▸ **What you have to do**:
The required output is all lines below that contain the word "Import".

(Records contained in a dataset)
BEGIN
(* Let $n\ge 2$. (1) The set $\mathcal{O}_n(\mathbb{R})=\{O_M\mid M\in Mat^{tnz}_{2n}(\mathbb{R})\}$ of orientation sign matrices is in bijection with the set of right cosets of $K_n$ in $P_n$, and has cardinality $2^{n-1}(n-1)!$. (2) The set $\mathcal{S}^{tnz}_{2n}(\mathbb{R})$ of non-empty strata, which is in bijection with the orbit space $(\mathbb{Z}/2\mathbb{Z})\backslash\mathcal{O}_n(\mathbb{R})$, has cardinality $2^{n-2}(n-1)!$.
   Context: $Mat^{tnz}_{2n}(\mathbb{R})$ is the set of real $2\times n$ matrices all of whose $2\times2$ maximal minors are nonzero. For $M=(v_1,\dots,v_n)\in Mat^{tnz}_{2n}(\mathbb{R})$ the orientation sign matrix is $O_M=[\operatorname{sgn}\det(v_i,v_j)]_{1\le i,j\le n}$. The group $\mathbb{Z}/2\mathbb{Z}=\{\pm1\}$ acts on $\mathcal{O}_n(\mathbb{R})$ by $-1\bullet O_M=O_N$ with $N=(v_n,\dots,v_1)$ (so $O_N=-O_M=O_M^t$). $Gr^{tnz}_{2n}(\mathbb{R})=GL_2(\mathbb{R})\backslash Mat^{tnz}_{2n}(\mathbb{R})$; for $\mathcal{C}\subseteq\binom{[n]}{2}$ the stratum $\mathcal{S}^{tnz}_{\mathcal{C}}(\mathbb{R})$ consists of $GL_2(\mathbb{R})M$ such that the minor $\Delta_I(M)$ is positive exactly for $I\in\mathcal{C}$, or negative exactly for $I\in\mathcal{C}$; $\mathcal{S}^{tnz}_{2n}(\mathbb{R})$ is the set of non-empty strata. $P_n=\{(a_1,\dots,a_n)\in\{\pm1,\dots,\pm n\}^n\mid i\mapsto|a_i|\text{ is a permutation}\}$ is the signed permutation group, identified with the group of signed permutation matrices via $(a_1,\dots,a_n)\mapsto(\operatorname{sgn}(a_1)e_{|a_1|}^t,\dots,\operatorname{sgn}(a_n)e_{|a_n|}^t)$ (columns; $e_k$ standard basis vectors) with matrix multiplication; $|P_n|=2^nn!$. $K_n$ is the cyclic subgroup of order $2n$ generated by $(-n,1,2,\dots,n-1)\in P_n$. *)

From HB Require Import structures.
From mathcomp Require Import all_boot all_order all_algebra.
From mathcomp Require Import reals.
Set Implicit Arguments. Unset Strict Implicit. Unset Printing Implicit Defensive.
Import Order.TTheory GRing.Theory Num.Theory.
Local Open Scope ring_scope.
END
▸ **Task response**:
From HB Require Import structures.
From mathcomp Require Import all_boot all_order all_algebra.
From mathcomp Require Import reals.
Import Order.TTheory GRing.Theory Num.Theory.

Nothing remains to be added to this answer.